▸ **About this exercise**
The expected output is the data below, restated word for word.

=== Begin Enclosure ===

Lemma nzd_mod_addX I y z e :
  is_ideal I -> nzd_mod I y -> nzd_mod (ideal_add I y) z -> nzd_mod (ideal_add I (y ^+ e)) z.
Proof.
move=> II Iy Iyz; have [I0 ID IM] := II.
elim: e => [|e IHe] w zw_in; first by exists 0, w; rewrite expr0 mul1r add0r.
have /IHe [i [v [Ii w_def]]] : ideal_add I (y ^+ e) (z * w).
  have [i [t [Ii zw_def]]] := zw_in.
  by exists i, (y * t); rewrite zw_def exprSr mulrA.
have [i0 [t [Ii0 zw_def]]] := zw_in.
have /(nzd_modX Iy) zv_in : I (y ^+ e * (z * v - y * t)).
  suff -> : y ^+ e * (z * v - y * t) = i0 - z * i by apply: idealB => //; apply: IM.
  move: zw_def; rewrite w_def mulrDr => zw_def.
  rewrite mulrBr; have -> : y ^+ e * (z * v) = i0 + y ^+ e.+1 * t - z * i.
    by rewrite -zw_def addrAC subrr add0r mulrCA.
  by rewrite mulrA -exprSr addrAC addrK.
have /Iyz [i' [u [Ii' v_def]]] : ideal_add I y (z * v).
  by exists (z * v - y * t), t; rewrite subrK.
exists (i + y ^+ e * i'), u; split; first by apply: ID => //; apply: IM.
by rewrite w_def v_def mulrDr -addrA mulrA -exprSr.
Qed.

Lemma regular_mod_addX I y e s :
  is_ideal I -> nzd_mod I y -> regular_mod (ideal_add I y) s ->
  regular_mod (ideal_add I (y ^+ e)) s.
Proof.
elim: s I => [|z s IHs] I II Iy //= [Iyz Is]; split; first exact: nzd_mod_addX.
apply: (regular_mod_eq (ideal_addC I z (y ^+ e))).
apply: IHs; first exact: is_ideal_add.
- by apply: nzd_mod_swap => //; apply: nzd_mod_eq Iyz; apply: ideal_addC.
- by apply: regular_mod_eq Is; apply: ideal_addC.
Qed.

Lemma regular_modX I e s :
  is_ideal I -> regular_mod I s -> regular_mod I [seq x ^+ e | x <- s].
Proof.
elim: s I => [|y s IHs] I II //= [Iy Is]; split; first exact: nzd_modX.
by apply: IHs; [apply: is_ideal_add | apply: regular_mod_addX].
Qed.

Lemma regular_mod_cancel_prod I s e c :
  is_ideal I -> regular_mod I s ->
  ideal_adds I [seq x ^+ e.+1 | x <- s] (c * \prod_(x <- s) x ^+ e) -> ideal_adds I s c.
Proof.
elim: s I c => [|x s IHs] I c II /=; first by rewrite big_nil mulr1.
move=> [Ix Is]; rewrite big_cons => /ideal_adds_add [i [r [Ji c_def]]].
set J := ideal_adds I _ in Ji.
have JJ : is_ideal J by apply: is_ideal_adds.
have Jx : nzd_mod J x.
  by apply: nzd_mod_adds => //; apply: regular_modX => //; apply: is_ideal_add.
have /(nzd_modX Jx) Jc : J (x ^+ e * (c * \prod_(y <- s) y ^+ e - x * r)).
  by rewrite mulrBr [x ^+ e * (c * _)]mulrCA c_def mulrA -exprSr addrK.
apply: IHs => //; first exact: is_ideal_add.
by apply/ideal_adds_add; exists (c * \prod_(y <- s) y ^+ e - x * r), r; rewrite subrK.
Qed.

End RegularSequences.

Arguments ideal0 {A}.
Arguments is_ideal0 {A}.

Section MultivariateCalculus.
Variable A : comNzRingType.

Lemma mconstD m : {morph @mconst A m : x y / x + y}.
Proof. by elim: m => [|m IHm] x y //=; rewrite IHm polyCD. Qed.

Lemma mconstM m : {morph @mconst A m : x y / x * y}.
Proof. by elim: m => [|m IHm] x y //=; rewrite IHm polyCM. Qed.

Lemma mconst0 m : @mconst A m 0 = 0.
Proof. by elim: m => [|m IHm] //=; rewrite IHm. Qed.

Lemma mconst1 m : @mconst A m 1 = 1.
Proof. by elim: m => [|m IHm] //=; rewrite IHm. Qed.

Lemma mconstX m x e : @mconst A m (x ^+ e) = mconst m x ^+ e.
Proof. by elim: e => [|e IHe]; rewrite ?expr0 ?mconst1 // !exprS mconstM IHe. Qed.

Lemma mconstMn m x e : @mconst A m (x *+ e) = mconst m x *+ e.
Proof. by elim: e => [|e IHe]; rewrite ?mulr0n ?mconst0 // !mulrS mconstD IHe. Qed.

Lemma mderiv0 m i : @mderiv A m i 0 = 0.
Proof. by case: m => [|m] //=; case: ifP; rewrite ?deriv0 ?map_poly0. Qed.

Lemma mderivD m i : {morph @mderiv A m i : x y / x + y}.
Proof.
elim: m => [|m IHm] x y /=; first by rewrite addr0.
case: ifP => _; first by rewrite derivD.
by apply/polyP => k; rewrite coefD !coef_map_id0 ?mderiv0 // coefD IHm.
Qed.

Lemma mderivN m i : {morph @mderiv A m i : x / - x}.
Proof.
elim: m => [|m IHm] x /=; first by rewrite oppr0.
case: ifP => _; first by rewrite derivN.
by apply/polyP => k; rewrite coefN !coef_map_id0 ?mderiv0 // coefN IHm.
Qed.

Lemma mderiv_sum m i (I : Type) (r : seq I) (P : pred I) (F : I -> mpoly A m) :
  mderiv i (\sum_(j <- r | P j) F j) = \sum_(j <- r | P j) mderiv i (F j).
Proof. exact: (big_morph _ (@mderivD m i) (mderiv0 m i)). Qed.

=== End Enclosure ===

▸ **Task output**
Lemma nzd_mod_addX I y z e :
  is_ideal I -> nzd_mod I y -> nzd_mod (ideal_add I y) z -> nzd_mod (ideal_add I (y ^+ e)) z.
Proof.
move=> II Iy Iyz; have [I0 ID IM] := II.
elim: e => [|e IHe] w zw_in; first by exists 0, w; rewrite expr0 mul1r add0r.
have /IHe [i [v [Ii w_def]]] : ideal_add I (y ^+ e) (z * w).
  have [i [t [Ii zw_def]]] := zw_in.
  by exists i, (y * t); rewrite zw_def exprSr mulrA.
have [i0 [t [Ii0 zw_def]]] := zw_in.
have /(nzd_modX Iy) zv_in : I (y ^+ e * (z * v - y * t)).
  suff -> : y ^+ e * (z * v - y * t) = i0 - z * i by apply: idealB => //; apply: IM.
  move: zw_def; rewrite w_def mulrDr => zw_def.
  rewrite mulrBr; have -> : y ^+ e * (z * v) = i0 + y ^+ e.+1 * t - z * i.
    by rewrite -zw_def addrAC subrr add0r mulrCA.
  by rewrite mulrA -exprSr addrAC addrK.
have /Iyz [i' [u [Ii' v_def]]] : ideal_add I y (z * v).
  by exists (z * v - y * t), t; rewrite subrK.
exists (i + y ^+ e * i'), u; split; first by apply: ID => //; apply: IM.
by rewrite w_def v_def mulrDr -addrA mulrA -exprSr.
Qed.

Lemma regular_mod_addX I y e s :
  is_ideal I -> nzd_mod I y -> regular_mod (ideal_add I y) s ->
  regular_mod (ideal_add I (y ^+ e)) s.
Proof.
elim: s I => [|z s IHs] I II Iy //= [Iyz Is]; split; first exact: nzd_mod_addX.
apply: (regular_mod_eq (ideal_addC I z (y ^+ e))).
apply: IHs; first exact: is_ideal_add.
- by apply: nzd_mod_swap => //; apply: nzd_mod_eq Iyz; apply: ideal_addC.
- by apply: regular_mod_eq Is; apply: ideal_addC.
Qed.

Lemma regular_modX I e s :
  is_ideal I -> regular_mod I s -> regular_mod I [seq x ^+ e | x <- s].
Proof.
elim: s I => [|y s IHs] I II //= [Iy Is]; split; first exact: nzd_modX.
by apply: IHs; [apply: is_ideal_add | apply: regular_mod_addX].
Qed.

Lemma regular_mod_cancel_prod I s e c :
  is_ideal I -> regular_mod I s ->
  ideal_adds I [seq x ^+ e.+1 | x <- s] (c * \prod_(x <- s) x ^+ e) -> ideal_adds I s c.
Proof.
elim: s I c => [|x s IHs] I c II /=; first by rewrite big_nil mulr1.
move=> [Ix Is]; rewrite big_cons => /ideal_adds_add [i [r [Ji c_def]]].
set J := ideal_adds I _ in Ji.
have JJ : is_ideal J by apply: is_ideal_adds.
have Jx : nzd_mod J x.
  by apply: nzd_mod_adds => //; apply: regular_modX => //; apply: is_ideal_add.
have /(nzd_modX Jx) Jc : J (x ^+ e * (c * \prod_(y <- s) y ^+ e - x * r)).
  by rewrite mulrBr [x ^+ e * (c * _)]mulrCA c_def mulrA -exprSr addrK.
apply: IHs => //; first exact: is_ideal_add.
by apply/ideal_adds_add; exists (c * \prod_(y <- s) y ^+ e - x * r), r; rewrite subrK.
Qed.

End RegularSequences.

Arguments ideal0 {A}.
Arguments is_ideal0 {A}.

Section MultivariateCalculus.
Variable A : comNzRingType.

Lemma mconstD m : {morph @mconst A m : x y / x + y}.
Proof. by elim: m => [|m IHm] x y //=; rewrite IHm polyCD. Qed.

Lemma mconstM m : {morph @mconst A m : x y / x * y}.
Proof. by elim: m => [|m IHm] x y //=; rewrite IHm polyCM. Qed.

Lemma mconst0 m : @mconst A m 0 = 0.
Proof. by elim: m => [|m IHm] //=; rewrite IHm. Qed.

Lemma mconst1 m : @mconst A m 1 = 1.
Proof. by elim: m => [|m IHm] //=; rewrite IHm. Qed.

Lemma mconstX m x e : @mconst A m (x ^+ e) = mconst m x ^+ e.
Proof. by elim: e => [|e IHe]; rewrite ?expr0 ?mconst1 // !exprS mconstM IHe. Qed.

Lemma mconstMn m x e : @mconst A m (x *+ e) = mconst m x *+ e.
Proof. by elim: e => [|e IHe]; rewrite ?mulr0n ?mconst0 // !mulrS mconstD IHe. Qed.

Lemma mderiv0 m i : @mderiv A m i 0 = 0.
Proof. by case: m => [|m] //=; case: ifP; rewrite ?deriv0 ?map_poly0. Qed.

Lemma mderivD m i : {morph @mderiv A m i : x y / x + y}.
Proof.
elim: m => [|m IHm] x y /=; first by rewrite addr0.
case: ifP => _; first by rewrite derivD.
by apply/polyP => k; rewrite coefD !coef_map_id0 ?mderiv0 // coefD IHm.
Qed.

Lemma mderivN m i : {morph @mderiv A m i : x / - x}.
Proof.
elim: m => [|m IHm] x /=; first by rewrite oppr0.
case: ifP => _; first by rewrite derivN.
by apply/polyP => k; rewrite coefN !coef_map_id0 ?mderiv0 // coefN IHm.
Qed.

Lemma mderiv_sum m i (I : Type) (r : seq I) (P : pred I) (F : I -> mpoly A m) :
  mderiv i (\sum_(j <- r | P j) F j) = \sum_(j <- r | P j) mderiv i (F j).
Proof. exact: (big_morph _ (@mderivD m i) (mderiv0 m i)). Qed.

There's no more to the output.